Re: [PATCH] mm/zswap: Improve with alloc_workqueue() call

From: Yosry Ahmed
Date: Wed Jan 17 2024 - 14:31:37 EST


On Wed, Jan 17, 2024 at 11:14 AM Nhat Pham <nphamcs@xxxxxxxxx> wrote:
>
> On Tue, Jan 16, 2024 at 5:32 AM Ronald Monthero
> <debug.penguin32@xxxxxxxxx> wrote:
>
> + Johannes and Yosry
>
> >
> > The core-api create_workqueue is deprecated, this patch replaces
> > the create_workqueue with alloc_workqueue. The previous
> > implementation workqueue of zswap was a bounded workqueue, this
> > patch uses alloc_workqueue() to create an unbounded workqueue.
> > The WQ_UNBOUND attribute is desirable making the workqueue
> > not localized to a specific cpu so that the scheduler is free
> > to exercise improvisations in any demanding scenarios for
> > offloading cpu time slices for workqueues.
>
> nit: extra space between paragraph would be nice.
>
> > For example if any other workqueues of the same primary cpu
> > had to be served which are WQ_HIGHPRI and WQ_CPU_INTENSIVE.
> > Also Unbound workqueue happens to be more efficient
> > in a system during memory pressure scenarios in comparison
> > to a bounded workqueue.
> >
> > shrink_wq = alloc_workqueue("zswap-shrink",
> > WQ_UNBOUND|WQ_MEM_RECLAIM, 1);
> >
> > Overall the change suggested in this patch should be
> > seamless and does not alter the existing behavior,
> > other than the improvisation to be an unbounded workqueue.
> >
> > Signed-off-by: Ronald Monthero <debug.penguin32@xxxxxxxxx>
> > ---
> > mm/zswap.c | 3 ++-
> > 1 file changed, 2 insertions(+), 1 deletion(-)
> >
> > diff --git a/mm/zswap.c b/mm/zswap.c
> > index 74411dfdad92..64dbe3e944a2 100644
> > --- a/mm/zswap.c
> > +++ b/mm/zswap.c
> > @@ -1620,7 +1620,8 @@ static int zswap_setup(void)
> > zswap_enabled = false;
> > }
> >
> > - shrink_wq = create_workqueue("zswap-shrink");
> > + shrink_wq = alloc_workqueue("zswap-shrink",
> > + WQ_UNBOUND|WQ_MEM_RECLAIM, 1);
>
> Have you benchmarked this to check if there is any regression, just to
> be safe? With an unbounded workqueue, you're gaining scheduling
> flexibility at the cost of cache locality. My intuition is that it
> doesn't matter too much here, but you should probably double check by
> stress testing - run some workload with a relatively small zswap pool
> limit (i.e heavy global writeback), and see if there is any difference
> in performance.

I also think this shouldn't make a large difference. The global
shrinking work is already expensive, and I imagine that it exhausts
the caches anyway by iterating memcgs. A performance smoketest would
be reassuring for sure, but I believe it won't make a difference.

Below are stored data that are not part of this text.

(* Let $n\ge2$, $\rho^*\ge0$, $k_\rho,k_z,k_\phi,k_\omega>0$, and nonnegative constants $\xi_1,\dots,\xi_n$ with average $\bar\xi=\frac1n\sum_{i=1}^n\xi_i$. Consider the closed-loop system, for $i=1,\dots,n$, $$\dot\rho_i=k_\rho(\rho^*-\rho_i),\quad \dot\omega_i=k_\omega(\bar\phi_i-\phi_i),\ \omega_i(t_0)=0,\quad \dot\phi_i=\omega_i+k_\phi(\bar\phi_i-\phi_i)+\xi_i,\quad \dot z_i=-k_zz_i,$$ with $\bar\phi_i$ as defined in the context. Then for every initial condition of $(\rho_i,\phi_i,z_i)$ (and $\omega_i(t_0)=0$), as $t\to\infty$, exponentially: $\rho_i\to\rho^*$, $\phi_i-\bar\phi_i\to0$, $\dot\phi_i\to\bar\xi$, and $z_i\to0$, for all $i$.
   Context: There are $n$ robots with cylindrical coordinates $(\rho_i,\phi_i,z_i)$ relative to a target frame (radius, phase, height), whose dynamics after a feedback transformation are $\dot\rho_i,\dot\phi_i,\dot z_i$ equal to free inputs; $\omega_i$ is an internal controller state. The phases $\phi_i(t)$ are real-valued (not reduced modulo $2\pi$), robots indexed in counterclockwise phase order at the initial time. Phase averages: $\bar\phi_1=\frac{\phi_2+\phi_n-2\pi}{2}$, $\bar\phi_i=\frac{\phi_{i+1}+\phi_{i-1}}{2}$ for $2\le i\le n-1$, $\bar\phi_n=\frac{\phi_1+2\pi+\phi_{n-1}}{2}$. *)

From Stdlib Require Import Reals Lra Lia.
Open Scope R_scope.

(* Robots are indexed 1..n (as in the paper). [phi i t] is the real-valued
   (unwrapped) phase of robot i at time t. *)
Definition phibar (n : nat) (phi : nat -> R -> R) (i : nat) (t : R) : R :=
  if Nat.eqb i 1 then (phi 2%nat t + phi n t - 2 * PI) / 2
  else if Nat.eqb i n then (phi 1%nat t + 2 * PI + phi (n - 1)%nat t) / 2
  else (phi (i + 1)%nat t + phi (i - 1)%nat t) / 2.

Definition exp_conv (t0 : R) (f : R -> R) (l : R) : Prop :=
  exists c lam : R, 0 < lam /\ forall t, t0 <= t -> Rabs (f t - l) <= c * exp (- lam * (t - t0)).

From Stdlib Require Import Reals Lra Lia Psatz.
Open Scope R_scope.

(* The radial and vertical equations are scalar linear ODEs rho' = k (rho* - rho) and
   z' = - k z, whose solutions converge exponentially (integrating factor).  Subtracting the uniform spacing 2 pi j / n from the phases
   turns the phase errors e_j = phibar_j - phi_j into the ring Laplacian of the unwrapped
   phases; with w_j = omega_j + xi_j - mean(xi) the closed loop becomes the linear
   PI-consensus system  e' = lap (w + k_phi e),  w' = k_omega e  on zero-sum vectors
   (sum e = 0 because the Laplacian has zero mass, sum w = 0 because sum omega is
   conserved and starts at 0).  A quadratic Lyapunov function
     V = k_omega |e|^2 + 1/2 |grad w|^2 + eps <e, w>
   satisfies V' <= - mu V and V >= c (|e|^2 + |w|^2), by summation by parts on the ring and
   the discrete Poincare inequality |x|^2 <= n^2 |grad x|^2 for zero-sum x. *)

(* [sum_to m f] is f 1 + ... + f m: robots are indexed from 1. *)
Fixpoint sum_to (m : nat) (f : nat -> R) : R :=
  match m with O => 0 | S p => sum_to p f + f (S p) end.

Lemma sum_to_ext m f g :
  (forall i, (1 <= i <= m)%nat -> f i = g i) -> sum_to m f = sum_to m g.
Proof.
  induction m as [|m IH]; intros Hfg; simpl; [reflexivity|].
  rewrite IH by (intros; apply Hfg; lia). rewrite Hfg by lia. reflexivity.
Qed.

Lemma sum_to_add m f g : sum_to m (fun i => f i + g i) = sum_to m f + sum_to m g.
Proof. induction m as [|m IH]; simpl; [ring|]. rewrite IH; ring. Qed.

Lemma sum_to_scal m a f : sum_to m (fun i => a * f i) = a * sum_to m f.
Proof. induction m as [|m IH]; simpl; [ring|]. rewrite IH; ring. Qed.

Lemma sum_to_const m c : sum_to m (fun _ => c) = INR m * c.
Proof. induction m as [|m IH]; simpl sum_to; [simpl; ring|]. rewrite IH, S_INR; ring. Qed.

Lemma sum_to_le m f g :
  (forall i, (1 <= i <= m)%nat -> f i <= g i) -> sum_to m f <= sum_to m g.
Proof.
  induction m as [|m IH]; intros Hfg; simpl; [lra|].
  apply Rplus_le_compat; [apply IH; intros; apply Hfg|apply Hfg]; lia.
Qed.

Lemma sum_to_nonneg m f : (forall i, (1 <= i <= m)%nat -> 0 <= f i) -> 0 <= sum_to m f.
Proof. intros Hf. rewrite <- (Rmult_0_r (INR m)), <- sum_to_const. apply sum_to_le; auto. Qed.

Lemma sum_to_mono m p f :
  (m <= p)%nat -> (forall i, (1 <= i <= p)%nat -> 0 <= f i) -> sum_to m f <= sum_to p f.
Proof.
  induction p as [|p IH]; intros Hmp Hf.
  - replace m with 0%nat by lia. lra.
  - destruct (Nat.eq_dec m (S p)) as [->|Hne]; [lra|]. simpl.
    assert (sum_to m f <= sum_to p f) by (apply IH; [lia|intros; apply Hf; lia]).
    assert (0 <= f (S p)) by (apply Hf; lia). lra.
Qed.

Lemma sum_to_term_le m f i :
  (forall j, (1 <= j <= m)%nat -> 0 <= f j) -> (1 <= i <= m)%nat -> f i <= sum_to m f.
Proof.
  intros Hf Hi. apply Rle_trans with (sum_to i f).
  - destruct i as [|i]; [lia|]. simpl.
    assert (0 <= sum_to i f) by (apply sum_to_nonneg; intros; apply Hf; lia). lra.
  - apply sum_to_mono; [lia|auto].
Qed.

Lemma sum_to_first m f : sum_to (S m) f = f 1%nat + sum_to m (fun i => f (S i)).
Proof.
  induction m as [|m IH]; [simpl; ring|].
  change (sum_to (S (S m)) f) with (sum_to (S m) f + f (S (S m))). rewrite IH. simpl. ring.
Qed.

Lemma sum_to_telescope m x : sum_to m (fun j => x (S j) - x j) = x (S m) - x 1%nat.
Proof. induction m as [|m IH]; simpl; [ring|]. rewrite IH. ring. Qed.

(* Cauchy-Schwarz against the constant vector: the sum of squared deviations
   of [N * f i] from the total [s] equals [N * (N * sum f^2 - s^2)] and is nonnegative. *)
Lemma sum_to_sq_le m f : (sum_to m f) ^ 2 <= INR m * sum_to m (fun i => f i ^ 2).
Proof.
  destruct m as [|m]; [simpl; lra|].
  set (s := sum_to (S m) f). set (N := INR (S m)). set (Q := sum_to (S m) (fun i => f i ^ 2)).
  assert (HN : 0 < N) by (apply lt_0_INR; lia).
  assert (Hdev : 0 <= sum_to (S m) (fun i => (N * f i - s) ^ 2))
    by (apply sum_to_nonneg; intros; apply pow2_ge_0).
  rewrite (sum_to_ext _ _ (fun i => (N ^ 2 * f i ^ 2 + (-2 * N * s) * f i) + s ^ 2)) in Hdev
    by (intros; ring).
  rewrite !sum_to_add, !sum_to_scal, sum_to_const in Hdev. fold s N Q in Hdev.
  assert (0 <= N * (N * Q - s ^ 2)) by nra. nra.
Qed.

Keep in mind that even with WQ_UNBOUND, we prefer the local CPU (see
wq_select_unbound_cpu()), so it will take more than global writeback
to observe a difference. The local CPU must not be in
wq_unbound_cpumask, or CONFIG_DEBUG_WQ_FORCE_RR_CPU should be on.

>
> > if (!shrink_wq)
> > goto fallback_fail;
> >
> > --
> > 2.34.1
> >
>
> On a different note, I wonder if it would help to perform synchronous
> reclaim here instead. With our current design, the zswap store failure
> (due to global limit hit) would leave the incoming page going to swap
> instead, creating an LRU inversion. Not sure if that's ideal.

The global shrink path keeps reclaiming until zswap can accept again
(by default, that means reclaiming 10% of the total limit). I think
this is too expensive to be done synchronously.